L'ancien président américain Bill Clinton, en poste à la Maison Blanche durant les massacres, le ministre français des Affaires étrangères Stéphane Séjourné et le secrétaire d'Etat à la Mer Hervé Berville, né au Rwanda, assistent également à la cérémonie.

A l'occasion de cet anniversaire, le président français Emmanuel Macron, qui avait déjà reconnu en 2021 les "responsabilités" de la France dans le génocide de 1994, a fait un pas supplémentaire, estimant que Paris, "qui aurait pu arrêter le génocide avec ses alliés occidentaux et africains, n'en a pas eu la volonté", selon des propos rapportés par l'Elysée jeudi.

M. Macron s'exprimera dimanche "par une vidéo qui sera publiée sur les réseaux sociaux", avait précisé la présidence française.

- Carnages -

Au Rwanda, la musique ne sera pas autorisée pendant sept jours dans les lieux publics, ni à la radio.
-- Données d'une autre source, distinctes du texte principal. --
Lemma dim_eq2_orth_parallel e n : dim_eq2 E ->
  e != 0 -> ip e h = 0 -> ip n h = 0 -> exists l, n = l *: e.
Proof.
move=> [u [v [_ span]]] e0 eh nh.
have [a0 [b0 hE]] := span h; have [a1 [b1 eE]] := span e.
have [a2 [b2 nE]] := span n.
(* Pairing [comb] with h shows that the coordinates of e and n have a zero
   determinant. *)
have comb : (a1 * b2 - a2 * b1) *: h
    = (a0 * b2 - a2 * b0) *: e + (a1 * b0 - a0 * b1) *: n.
  rewrite {1}hE eE nE !scalerDr !scalerA addrACA -!scalerDl.
  by congr (_ *: _ + _ *: _); ring.
have det0 : a1 * b2 - a2 * b1 = 0.
  have := congr1 (ip^~ h) comb.
  by rewrite /= ipDl !ipZl eh nh iphh !mulr0 addr0 mulr1.
have q0 : a1 ^+ 2 + b1 ^+ 2 != 0.
  apply: contra e0 => /eqP q0; rewrite eE.
  have [-> ->] : a1 = 0 /\ b1 = 0 by split; nra.
  by rewrite !scale0r addr0.
exists ((a1 * a2 + b1 * b2) / (a1 ^+ 2 + b1 ^+ 2)).
rewrite nE eE scalerDr !scalerA; congr (_ *: _ + _ *: _);
  apply: (mulIf q0); rewrite mulrAC divfK //.
- have -> : a2 * (a1 ^+ 2 + b1 ^+ 2)
           = (a1 * a2 + b1 * b2) * a1 - b1 * (a1 * b2 - a2 * b1) by ring.
  by rewrite det0 mulr0 subr0.
- have -> : b2 * (a1 ^+ 2 + b1 ^+ 2)
           = (a1 * a2 + b1 * b2) * b1 + a1 * (a1 * b2 - a2 * b1) by ring.
  by rewrite det0 mulr0 addr0.
Qed.

Lemma f_le_closed_lsc e : `|e| = 1 -> ip e h = 0 ->
  closed [set p : E * E | f_le ip h f p.1 p.2] -> left_lower_semicontinuous f.
Proof.
move=> e_norm1 eh f_le_closed d K d_gt0 below.
have f_le_0E t : 0 <= t -> f_le ip h f 0 (K *: h + t *: e) = (f t <= K).
  have -> : (0 : E) = 0 *: h + 0 by rewrite scale0r addr0.
  move=> t0; rewrite f_le_orthE ?ip0l ?ipZl ?eh ?mulr0 // !subr0.
  by rewrite normrZ e_norm1 mulr1 ger0_norm.
rewrite -f_le_0E ?ltW //.
have near_d : \forall t \near d^'-,
    [set p : E * E | f_le ip h f p.1 p.2] (0, K *: h + t *: e).
  near=> t; rewrite /= f_le_0E; last by near: t; apply: nbhs_left_ge.
  apply: below; last by near: t; apply: nbhs_left_lt.
  by near: t; apply: nbhs_left_ge.
have to_d :
    (fun t => ((0 : E), K *: h + t *: e)) @ d^'- --> (0, K *: h + d *: e).
  apply: cvg_at_left_filter; apply: cvg_pair; first exact: cvg_cst.
  apply: cvgD; first exact: cvg_cst.
  by apply: cvgZ; [exact: cvg_id | exact: cvg_cst].
exact: (closed_cvg _ f_le_closed near_d _ to_d).
Unshelve. all: by end_near.
Qed.

Hypothesis f_ge0 : forall d, 0 <= d -> 0 <= f d.

Lemma f_add_le_broken_path_sq u w v e s : square_superadditive f ->
  `|e| = 1 -> w = u + s *: e -> 0 <= s -> 0 <= ip (v - w) e ->
  forall r', 0 <= r' -> r' < `|v - w| -> exists2 delta, 0 < delta &
    forall t, s <= t <= s + delta -> f t + f r' <= f `|v - u|.
Proof.
move=> f_sq e_norm1 -> s_ge0 obtuse r' r'_ge0.
rewrite [v - u](_ : _ = v - (u + s *: e) + s *: e); last first.
  by rewrite opprD addrA subrK.
set r := `|_ - _|; set rho := `|_ + _| => r'_lt.
have rho2 : s ^+ 2 + r ^+ 2 <= rho ^+ 2.
  have := @sqr_normD_ge (v - (u + s *: e)) (s *: e).
  rewrite normrZ e_norm1 mulr1 ger0_norm // ipZr -/r -/rho.
  by move/(_ (mulr_ge0 s_ge0 obtuse)); lra.
have X_gt0 : 0 < s ^+ 2 + r ^+ 2 - r' ^+ 2 by nra.
exists (Num.sqrt (s ^+ 2 + r ^+ 2 - r' ^+ 2) - s).
  by rewrite subr_gt0 -[s in s < _]ger0_norm // -sqrtr_sqr ltr_sqrt //; nra.
move=> t /andP[st tX]; have t_ge0 : 0 <= t by lra.
apply: square_superadditive_le => //; first exact: normr_ge0.
have : t ^+ 2 <= s ^+ 2 + r ^+ 2 - r' ^+ 2.
  by rewrite -(sqr_sqrtr (ltW X_gt0)) ler_sqr ?nnegrE ?sqrtr_ge0 //; lra.
lra.
Qed.

Lemma f_add_le_broken_path_dim2 u w v e s : dim_eq2 E -> superadditive f ->
  `|e| = 1 -> ip e h = 0 -> ip (v - w) h = 0 ->
  w = u + s *: e -> 0 <= s -> 0 <= ip (v - w) e ->
  forall r', 0 <= r' -> r' < `|v - w| -> exists2 delta, 0 < delta &
    forall t, s <= t <= s + delta -> f t + f r' <= f `|v - u|.
Proof.
move=> dim2 f_add e_norm1 eh vwh w_def s_ge0 obtuse r' r'_ge0 r'_lt.
have e0 : e != 0 by rewrite -normr_eq0 e_norm1 oner_neq0.
have [l vwE] := dim_eq2_orth_parallel dim2 e0 eh vwh.
have l_ge0 : 0 <= l.
  by move: obtuse; rewrite vwE ipZl -sqr_norm_ip e_norm1 expr1n mulr1.
have r_l : `|v - w| = l by rewrite vwE normrZ e_norm1 mulr1 ger0_norm.
have rho_sl : `|v - u| = s + l.
  have -> : v - u = (l + s) *: e.
    by rewrite scalerDl -vwE w_def opprD addrA subrK.
  by rewrite normrZ e_norm1 mulr1 ger0_norm; lra.
exists (`|v - w| - r'); first lra.
move=> t /andP[st tr]; apply: superadditive_le => //; lra.
Qed.

Hypothesis f_pos : forall d, 0 <= d -> (0 < f d <-> 0 < d).

Lemma f_eq0 : f 0 = 0.
Proof.
have := f_ge0 (lexx 0); rewrite le_eqVlt => /orP[/eqP <- //|].
by move/(f_pos (lexx 0)); rewrite ltxx.
Qed.

Hypothesis f_le_closed : closed [set p : E * E | f_le ip h f p.1 p.2].
Hypothesis f_sup : square_superadditive f \/ (dim_eq2 E /\ superadditive f).

Lemma f_nondecreasing : nneg_nondecreasing f.
Proof.
case: f_sup => [f_sq | [_ f_add]].
  exact: square_superadditive_nondecreasing.
exact: superadditive_nondecreasing.
Qed.

Lemma join_side_le u w v e s a b c :
  `|e| = 1 -> ip e h = 0 -> ip (v - w) h = 0 ->
  w = u + s *: e -> 0 <= s -> 0 <= ip (v - w) e -> v != w ->
  a + f `|v - u| <= b -> right_adherent [set t | c <= a + f t] s ->
  c + f `|v - w| <= b.
Proof.
move=> e_norm1 eh vwh w_def s_ge0 obtuse vw le_b adh.
have f_lsc := f_le_closed_lsc e_norm1 eh f_le_closed.
apply: (add_le_of_right_adherent f_lsc) le_b adh.
  by rewrite normr_gt0 subr_eq0.
case: f_sup => [f_sq | [dim2 f_add]].
  exact: f_add_le_broken_path_sq f_sq e_norm1 w_def s_ge0 obtuse.
exact: f_add_le_broken_path_dim2 dim2 f_add e_norm1 eh vwh w_def s_ge0 obtuse.
Qed.

Section PairJoin.
Variables x y : E.
Hypotheses (x_nle_y : ~ f_le ip h f x y) (y_nle_x : ~ f_le ip h f y x).

Let a1 := comp_h ip h x.
Let a2 := comp_h ip h y.
Let u1 := comp_perp ip h x.
Let u2 := comp_perp ip h y.
Let D := `|u2 - u1|.
Let e := D^-1 *: (u2 - u1).
Let g1 t := a1 + f t.
Let g2 t := a2 + f t.
Let s := crossing_point g1 g2 D.
Let c := Num.max (g1 s) (g2 (D - s)).
Let w := u1 + s *: e.

Definition pair_join := c *: h + w.

Let a1_lt : a1 < a2 + f D.
Proof.
have /negP : ~ (f `|u1 - u2| <= a1 - a2) := y_nle_x.
by rewrite -ltNge distrC -/D; lra.
Qed.
Section L2Norm.
Variables (R : rcfType) (I : finType).
Implicit Types (f g : I -> R) (x y : R).

Lemma sqrtr_le_of_sqr x y : 0 <= y -> x <= y ^+ 2 -> Num.sqrt x <= y.
Proof.
by move=> y_ge0 /ler_wsqrtr; rewrite sqrtr_sqr ger0_norm.
Qed.

Definition l2norm f := Num.sqrt (\sum_i f i ^+ 2).

Lemma l2norm_ge0 f : 0 <= l2norm f. Proof. exact: sqrtr_ge0. Qed.

Lemma l2norm_sqr f : l2norm f ^+ 2 = \sum_i f i ^+ 2.
Proof. by rewrite sqr_sqrtr // sumr_ge0 // => i _; exact: sqr_ge0. Qed.

Lemma l2norm_abs f : l2norm (fun i => `|f i|) = l2norm f.
Proof. by congr Num.sqrt; apply: eq_bigr => i _; rewrite real_normK ?num_real. Qed.

Lemma l2normD f g : l2norm (fun i => f i + g i) <= l2norm f + l2norm g.
Proof.
apply: sqrtr_le_of_sqr; first by rewrite addr_ge0 ?l2norm_ge0.
have cs : \sum_i f i * g i <= l2norm f * l2norm g.
  have := cauchy_schwarz predT f g; rewrite -!l2norm_sqr -exprMn => /ler_wsqrtr.
  rewrite !sqrtr_sqr [X in _ <= X]ger0_norm ?mulr_ge0 ?l2norm_ge0 //.
  exact: le_trans (ler_norm _).
have -> : \sum_i (f i + g i) ^+ 2 =
    \sum_i f i ^+ 2 + \sum_i g i ^+ 2 + 2 * \sum_i f i * g i.
  by rewrite mulr_sumr -!big_split; apply: eq_bigr => i _ /=; ring.
rewrite -!l2norm_sqr; nra.
Qed.

Lemma ler_l2norm f g : (forall i, `|f i| <= g i) -> l2norm f <= l2norm g.
Proof.
move=> le_fg; apply: ler_wsqrtr; apply: ler_sum => i _.
by have := le_fg i; rewrite ler_norml => /andP[? ?]; nra.
Qed.

Lemma sum_le_sqrt_card (S : {set I}) f :
  \sum_(i in S) f i <= Num.sqrt #|S|%:R * Num.sqrt (\sum_(i in S) f i ^+ 2).
Proof.
rewrite -sqrtrM ?ler0n //; apply: le_trans (ler_norm _) _.
rewrite -sqrtr_sqr; apply: ler_wsqrtr.
have := cauchy_schwarz (mem S) f (fun=> 1).
by under eq_bigr do rewrite mulr1; rewrite sumr_const expr1n; rewrite mulrC.
Qed.

Lemma sum_sqr_le_max (W : {set I}) f M : (forall i, i \in W -> 0 <= f i <= M) ->
  \sum_(i in W) f i ^+ 2 <= M * \sum_(i in W) f i.
Proof.
move=> bnd; rewrite mulr_sumr; apply: ler_sum => i iW.
by have /andP[? ?] := bnd i iW; nra.
Qed.

End L2Norm.

Section TopSets.
Variable I : finType.

Lemma exists_set_card_between (Z W : {set I}) m :
  Z \subset W -> (#|Z| <= m <= #|W|)%N ->
  exists T : {set I}, [/\ Z \subset T, T \subset W & #|T| = m].
Proof.
move Hd : (m - #|Z|)%N => d; elim: d Z Hd => [|d IH] Z Hd ZW /andP[Zm mW].
  by exists Z; split => //; lia.
have /set0Pn [j] : W :\: Z != finset.set0.
  by rewrite finset.setD_eq0; apply: contraTN mW => /subset_leq_card; lia.
rewrite inE => /andP[jZ jW].
have [|||T [ZT TW cT]] := IH (j |: Z).
- by rewrite cardsU1 jZ; lia.
- by rewrite finset.subUset finset.sub1set jW ZW.
- by rewrite cardsU1 jZ mW; lia.
by exists T; split => //; apply: fintype.subset_trans ZT; exact: finset.subsetUr.
Qed.

Variable R : realDomainType.
Implicit Types (f : I -> R) (W T : {set I}).

Definition top_set f W (a : nat) T :=
  [/\ T \subset W, #|T| = minn a #|W| &
      forall i j, i \in W -> i \notin T -> j \in T -> f i <= f j].

Lemma exists_top_set f W (a : nat) :
  exists2 T, top_set f W a T &
    forall T', T' \subset W -> #|T'| = #|T| ->
      \sum_(i in T') f i <= \sum_(i in T) f i.
Proof.
pose P T := (T \subset W) && (#|T| == minn a #|W|).
have [T0 [_ T0W cT0]] :
    exists T, [/\ finset.set0 \subset T, T \subset W & #|T| = minn a #|W|].
  by apply: exists_set_card_between; rewrite ?finset.sub0set // cards0 geq_minr.
have PT0 : P T0 by rewrite /P T0W cT0 eqxx.
case: (arg_maxP (fun T => \sum_(i in T) f i) PT0) => T /andP[TW /eqP cT] Tmax.
exists T; last by move=> T' T'W cT'; apply: Tmax; rewrite /P T'W cT' cT eqxx.
split=> // i j iW iT jT.
have /Tmax : P (i |: (T :\ j)).
  rewrite /P finset.subUset finset.sub1set iW (fintype.subset_trans (subD1set _ _)) //=.
  by rewrite cardsU1 in_setD1 (negbTE iT) andbF /= -cT (cardsD1 j T) jT; lia.
rewrite big_setU1 /=; last by rewrite in_setD1 (negbTE iT) andbF.
by rewrite [X in _ <= X](big_setD1 j) //=; lra.
Qed.

Lemma top_set_le_sum f W (a : nat) T i : top_set f W a T ->
  i \in W -> i \notin T -> a%:R * f i <= \sum_(j in T) f j.
Proof.
move=> [TW cT top] iW iT.
have TW_lt : (#|T| < #|W|)%N.
  by apply: proper_card; rewrite finset.properEneq TW andbT; apply: contraNneq iT => ->.
have -> : a = #|T| by move: TW_lt; rewrite cT; lia.
rewrite mulr_natl -sumr_const; apply: ler_sum => j jT; exact: top.
Qed.

End TopSets.

Lemma top_set_le_avg (R : realFieldType) (I : finType) (f : I -> R) W (a : nat) T i :
  (0 < a)%N -> top_set f W a T -> i \in W :\: T -> f i <= (\sum_(j in T) f j) / a%:R.
Proof.
move=> a_gt0 Ttop; rewrite inE => /andP[iT iW].
by rewrite ler_pdivlMr ?ltr0n // mulrC; exact: top_set_le_sum Ttop iW iT.
Qed.

Section RecoveryArithmetic.
Variable R : rcfType.
Implicit Types r L U k a eta sig tl Z d t w rho sk sa sr : R.

Lemma cone_ratio_le sr sk sa d tl Z : 0 < sr -> 0 < sk -> sr * sk <= sa ->
  0 <= d -> 0 <= tl -> Z <= sk * d + tl -> Z / sa <= sr^-1 * (d + tl / sk).
Proof.
move=> sr_gt0 sk_gt0 le_sa d_ge0 tl_ge0 hZ.
have sa_gt0 : 0 < sa := lt_le_trans (mulr_gt0 sr_gt0 sk_gt0) le_sa.
apply: (@le_trans _ _ ((sk * d + tl) / sa)); first by rewrite ler_pM2r ?invr_gt0.
apply: (@le_trans _ _ ((sk * d + tl) / (sr * sk))).
  apply: ler_wpM2l; first by rewrite addr_ge0 // mulr_ge0 // ltW.
  by rewrite lef_pV2 ?posrE ?mulr_gt0.
by rewrite le_eqVlt; apply/orP; left; apply/eqP; field; rewrite !gt_eqF.
Qed.

Lemma robust_null_space_le L U w rho sk eta sig tl d t :
  0 < L - U * w -> 0 <= U -> 0 <= rho <= w -> 0 < sk -> 0 <= d -> tl <= sig ->
  L * d <= 2 * eta + U * t + U * (tl / sk) -> t <= rho * (d + tl / sk) ->
  d <= (2 * eta + U * (rho + 1) * (sig / sk)) / (L - U * w).
Proof.
move=> q_gt0 U_ge0 /andP[rho_ge0 le_rho] sk_gt0 d_ge0 le_sig h1 ht.
rewrite ler_pdivlMr //.
have le_tl : tl / sk <= sig / sk by rewrite ler_pM2r ?invr_gt0.
have h2 : rho * (d + tl / sk) <= w * d + rho * (sig / sk).
  by rewrite mulrDr; apply: lerD; [exact: ler_wpM2r | exact: ler_wpM2l].
have := ler_wpM2l U_ge0 (le_trans ht h2).
have := ler_wpM2l U_ge0 le_tl.
lra.
Qed.

Lemma ratio_condition_bounds r L U : 0 < L <= U -> 2 * (U / L) ^+ 2 < r ->
  [/\ 2 <= r, (Num.sqrt r)^-1 <= Num.sqrt (2 / r) & 0 < L - U * Num.sqrt (2 / r)].
Proof.
move=> /andP[L_gt0 LU] hr.
have u_ge1 : 1 <= U / L by rewrite ler_pdivlMr // mul1r.
have r_ge2 : 2 <= r by apply: le_trans (ltW hr); nra.
have r_gt0 : 0 < r by lra.
have r_ge0 : 0 <= r by lra.
split=> //.
  rewrite -(sqrtrV r_ge0) ler_sqrt ?divr_ge0 //.
  by rewrite ler_pdivlMr // mulVf ?gt_eqF //; lra.
set w := Num.sqrt (2 / r).
have uw_lt1 : (U / L * w) ^+ 2 < 1.
  by rewrite exprMn sqr_sqrtr ?divr_ge0 // mulrA ltr_pdivrMr // mul1r mulrC.
have -> : L - U * w = L * (1 - U / L * w) by field; rewrite gt_eqF.
rewrite pmulr_rgt0 // subr_gt0 ltNge; apply: contraTN uw_lt1 => /(exprn_ege1 2).
by rewrite leNgt.
Qed.

Section ErrorConstants.
Variables (L U w rho sk eta sig d : R).
Hypotheses (L_gt0 : 0 < L) (q_gt0 : 0 < L - U * w) (U_ge0 : 0 <= U) (w_ge0 : 0 <= w)
  (rho_ge0 : 0 <= rho) (sk_gt0 : 0 < sk) (eta_ge0 : 0 <= eta) (sig_ge0 : 0 <= sig).
Hypothesis hd : d <= (2 * eta + U * (rho + 1) * (sig / sk)) / (L - U * w).

Lemma l1_error_le v : 2 <= v ->
  2 * sk * d + 2 * sig <=
  (2 * (U / L) * (rho + 1) * v / (1 - U / L * w) + 2) * sig +
  L^-1 * (2 * v / (1 - U / L * w)) * sk * eta.
Proof.
move=> v_ge2; have D_neq0 : L - U * w != 0 by rewrite gt_eqF.
apply: le_trans (_ : 2 * sk * ((2 * eta + U * (rho + 1) * (sig / sk)) / (L - U * w))
  + 2 * sig <= _); first by rewrite lerD2r ler_wpM2l // mulr_ge0 // ltW.
have -> : 2 * sk * ((2 * eta + U * (rho + 1) * (sig / sk)) / (L - U * w)) =
    (4 * (sk * eta) + 2 * (U * (rho + 1) * sig)) / (L - U * w).
  by field; rewrite D_neq0 gt_eqF.
have -> : (2 * (U / L) * (rho + 1) * v / (1 - U / L * w) + 2) * sig +
    L^-1 * (2 * v / (1 - U / L * w)) * sk * eta =
    (2 * v * (sk * eta) + 2 * v * (U * (rho + 1) * sig)) / (L - U * w) + 2 * sig.
  by field; rewrite D_neq0 gt_eqF.
rewrite lerD2r ler_pM2r ?invr_gt0 //.
have := mulr_ge0 (ltW sk_gt0) eta_ge0.
have : 0 <= U * (rho + 1) * sig by rewrite !mulr_ge0 ?addr_ge0.
nra.
Qed.

Lemma l2_error_le :
  (1 + w) * d + (rho + 1) * (sig / sk) <=
  (U / L * (rho + 1) * (1 + w) / (1 - U / L * w) + rho + 1) * sig / sk +
  L^-1 * (2 * (1 + w) / (1 - U / L * w)) * eta.
Proof.
apply: le_trans (_ : (1 + w) * ((2 * eta + U * (rho + 1) * (sig / sk)) / (L - U * w))
  + (rho + 1) * (sig / sk) <= _); first by rewrite lerD2r ler_wpM2l // addr_ge0.
by rewrite le_eqVlt; apply/orP; left; apply/eqP; field; rewrite !gt_eqF.
Qed.

End ErrorConstants.

Lemma error_bounds_of_estimates r L U k a eta sig tl Z d e1 e2 :
  1 <= k -> 0 < L <= U -> 2 * (U / L) ^+ 2 < r -> r * k <= a ->
  0 <= eta -> 0 <= tl <= sig -> 0 <= d ->
  Z <= Num.sqrt k * d + tl ->
  L * d <= 2 * eta + U * (Z / Num.sqrt a) + U * (tl / Num.sqrt k) ->
  e1 <= 2 * Num.sqrt k * d + 2 * tl ->
  e2 <= d + Z / Num.sqrt a + tl / Num.sqrt k ->
  let q := 1 - U / L * Num.sqrt (2 / r) in
  let C1 := 2 * (U / L) * ((Num.sqrt r)^-1 + 1) * Num.sqrt (2 + r) / q + 2 in
  let D1 := L^-1 * (2 * Num.sqrt (2 + r) / q) in
  let C2 := U / L * ((Num.sqrt r)^-1 + 1) * (1 + (Num.sqrt (r / 2))^-1) / q
            + (Num.sqrt r)^-1 + 1 in
  let D2 := L^-1 * (2 * (1 + (Num.sqrt (r / 2))^-1) / q) in
  e1 <= C1 * sig + D1 * Num.sqrt k * eta /\
  e2 <= C2 * sig / Num.sqrt k + D2 * eta.
Proof.
move=> k_ge1 LU hr ra eta_ge0 /andP[tl_ge0 le_sig] d_ge0 hZ h1 he1 he2; cbv zeta.
have [r_ge2 rho_le_w q_gt0] := ratio_condition_bounds LU hr.
have [L_gt0 U_gt0] : 0 < L /\ 0 < U by case/andP: LU => L_gt0 /(lt_le_trans L_gt0).
have r_gt0 : 0 < r by lra.
have r_ge0 : 0 <= r by lra.
have -> : (Num.sqrt (r / 2))^-1 = Num.sqrt (2 / r).
  by rewrite -sqrtrV ?divr_ge0 // invf_div.
set w := Num.sqrt (2 / r) in rho_le_w q_gt0 *; set sk := Num.sqrt k.
set rho := (Num.sqrt r)^-1 in rho_le_w *.
have sk_gt0 : 0 < sk by rewrite sqrtr_gt0; lra.
have w_ge0 : 0 <= w := sqrtr_ge0 _.
have rho_ge0 : 0 <= rho by rewrite invr_ge0 sqrtr_ge0.
have a_ge0 : 0 <= a by apply: le_trans ra; rewrite mulr_ge0 //; lra.
have le_sa : Num.sqrt r * sk <= Num.sqrt a by rewrite -sqrtrM // ler_sqrt.
have sr_gt0 : 0 < Num.sqrt r by rewrite sqrtr_gt0.
have ht := cone_ratio_le sr_gt0 sk_gt0 le_sa d_ge0 tl_ge0 hZ.
have U_ge0 : 0 <= U by lra.
have hd := robust_null_space_le q_gt0 U_ge0 (introT andP (conj rho_ge0 rho_le_w))
  sk_gt0 d_ge0 le_sig h1 ht.
have sig_ge0 : 0 <= sig by lra.
have v_ge2 : 2 <= Num.sqrt (2 + r).
  by rewrite -[X in X <= _](ger0_norm (ler0n _ 2)) -sqrtr_sqr ler_sqrt; lra.
split.
- apply: le_trans he1 _; apply: le_trans (_ : _ <= 2 * sk * d + 2 * sig) _.
    by rewrite lerD2l; lra.
  exact: l1_error_le.
- apply: le_trans he2 _; apply: le_trans (_ : _ <= (1 + w) * d + (rho + 1) * (sig / sk)) _;
    last exact: l2_error_le.
  have le_tl_sk : tl / sk <= sig / sk by rewrite ler_pM2r ?invr_gt0.
  have := ler_wpM2r d_ge0 rho_le_w; have := ler_wpM2l rho_ge0 le_tl_sk.
  by move: ht; rewrite -/rho; lra.
Qed.

End RecoveryArithmetic.

Lemma exists_block_size (R : archiRealFieldType) (r : R) (k : nat) :
  0 < r -> (0 < k)%N ->
  exists a : nat,
    [/\ (0 < a)%N, r * k%:R <= a%:R & (2 * k + a)%:R <= (r + 4) * k%:R].
Proof.
move=> r_gt0 k_gt0; have rk_ge0 : 0 <= r * k%:R by rewrite mulr_ge0 // ltW.
have /andP[lo hi] := truncn_itv rk_ge0.
exists (Num.truncn (r * k%:R)).+1; split => //; first exact: ltW.
have k_ge1 : 1 <= k%:R :> R by rewrite ler1n.
rewrite natrD natrM -natr1; lra.
Qed.

Section Modulus.
Variables (R : realType) (F : pzRingType) (md : F -> R).
Hypotheses (md0 : md 0 = 0) (mdN : forall a, md (- a) = md a)
  (mdD : forall a b, md (a + b) <= md a + md b)
  (mdM : forall a b, md (a * b) = md a * md b)
  (md_ge0 : forall a, 0 <= md a) (md1 : md 1 = 1).

Lemma norm1_ge0 n (v : 'cV[F]_n) : 0 <= norm1 md v.
Proof. exact: sumr_ge0. Qed.

Lemma norm2_ge0 n (v : 'cV[F]_n) : 0 <= norm2 md v.
Proof. exact: sqrtr_ge0. Qed.

Lemma norm2D n (u v : 'cV[F]_n) : norm2 md (u + v) <= norm2 md u + norm2 md v.
Proof.
apply: le_trans (l2normD _ _); apply: ler_l2norm => i.
by rewrite mxE ger0_norm.
Qed.

Lemma norm2N n (v : 'cV[F]_n) : norm2 md (- v) = norm2 md v.
Proof. by congr Num.sqrt; apply: eq_bigr => i _; rewrite mxE mdN. Qed.

Lemma norm2Z n c (v : 'cV[F]_n) : md c = 1 -> norm2 md (c *: v) = norm2 md v.
Proof.
by move=> c1; congr Num.sqrt; apply: eq_bigr => i _; rewrite mxE mdM c1 mul1r.
Qed.

Lemma rnorm2D n (u v : 'cV[R]_n) : rnorm2 (u + v) <= rnorm2 u + rnorm2 v.
Proof.
have -> : rnorm2 (u + v) = l2norm (fun i => u i ord0 + v i ord0).
  by congr Num.sqrt; apply: eq_bigr => i _; rewrite mxE.
exact: l2normD.
Qed.

Lemma rnorm2N n (v : 'cV[R]_n) : rnorm2 (- v) = rnorm2 v.
Proof. by congr Num.sqrt; apply: eq_bigr => i _; rewrite mxE sqrrN. Qed.

Lemma norm0_0 n : norm0 (0 : 'cV[F]_n) = 0%N.
Proof. by apply/eqP; rewrite cards_eq0; apply/eqP/setP => i; rewrite !inE mxE eqxx. Qed.

Lemma norm0_delta n (i : 'I_n) : (norm0 (delta_mx i ord0 : 'cV[F]_n) <= 1)%N.
Proof.
apply: (@leq_trans #|[set i]%SET|); last by rewrite cards1.
apply: subset_leq_card; apply/fintype.subsetP => j.
by rewrite !inE mxE; case: (j == i); rewrite ?eqxx.
Qed.

Definition restrict n (S : {set 'I_n}) (v : 'cV[F]_n) : 'cV[F]_n :=
  \col_i (if i \in S then v i ord0 else 0).

Lemma restrictBZ n (S : {set 'I_n}) (u v : 'cV[F]_n) c :
  restrict S (u - c *: v) = restrict S u - c *: restrict S v.
Proof.
by apply/matrixP => i j; rewrite !mxE; case: (i \in S); rewrite ?mulr0 ?subr0.
Qed.

Lemma restrict_setD n (W T : {set 'I_n}) (v : 'cV[F]_n) : T \subset W ->
  restrict W v = restrict T v + restrict (W :\: T) v.
Proof.
move=> /fintype.subsetP TW; apply/matrixP => i j; rewrite !mxE inE.
case: (boolP (i \in T)) => [/TW -> | _] /=; last by rewrite add0r.
by rewrite addr0.
Qed.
Evénements sportifs et films seront interdits de diffusion à la télévision, sauf s'ils sont liés aux commémorations appelées "Kwibuka 30", "Se souvenir" en kinyarwanda.

Les tueries du printemps 1994 ont été déclenchées au lendemain de l'attentat contre l'avion du président hutu Juvénal Habyarimana, dans une frénésie de haine alimentée par une virulente propagande anti-Tutsi.

Trois mois durant, l'armée, les milices Interahamwe (bras armé du régime génocidaire hutu), mais aussi de simples citoyens massacreront -- avec fusils, machettes ou gourdins -- les Tutsi, appelés par leurs bourreaux "Inyenzi" ("cafards" en langue kinyarwanda), et des opposants hutu.

Le carnage prend fin lorsque la rébellion tutsi du FPR s'empare de Kigali le 4 juillet, déclenchant un exode de centaines de milliers de Hutu vers le Zaïre voisin (aujourd'hui République démocratique du Congo).

Trente ans plus tard, des charniers continuent d'être mis au jour.

La communauté internationale avait été vivement critiquée pour son inaction avant et durant le génocide.

Paris, qui entretenait des relations étroites avec le régime hutu quand le génocide a commencé, a longtemps été accusé de "complicité" par Kigali.

Après des décennies de tensions, allant jusqu'à une rupture des relations diplomatiques entre Paris et Kigali entre 2006 et 2009, un rapprochement a été permis entre les deux pays à l'issue de la mise en place d'une commission par Emmanuel Macron qui a conclu en 2021 à des "responsabilités lourdes et accablantes" de la France, tout en écartant la complicité.

- Aveux des bourreaux -

Depuis 30 ans, le Rwanda mène un travail de réconciliation, avec notamment la création en 2002 de tribunaux communautaires, les "gacaca" où les victimes pouvaient entendre les "aveux" des bourreaux.

La justice a également joué un rôle majeur mais selon Kigali, des centaines de personnes suspectées d'avoir participé au génocide sont toujours en liberté, notamment dans les pays voisins, comme la République démocratique du Congo (RDC) et l'Ouganda.

Au total, 28 fugitifs ont été extradés depuis des pays étrangers, dont six depuis les États-Unis.

La France n'en a extradé aucun mais en a condamné une demi-douzaine.

Des organisations de défense des droits humains, dont Amnesty et Human Rights Watch, ont appelé à l'accélération des poursuites contre les responsables du génocide.

Le Haut-Commissaire de l'ONU aux droits de l'homme, Volker Türk, a de son côté exhorté "les États du monde entier à redoubler d'efforts pour traduire en justice tous les auteurs présumés encore en vie".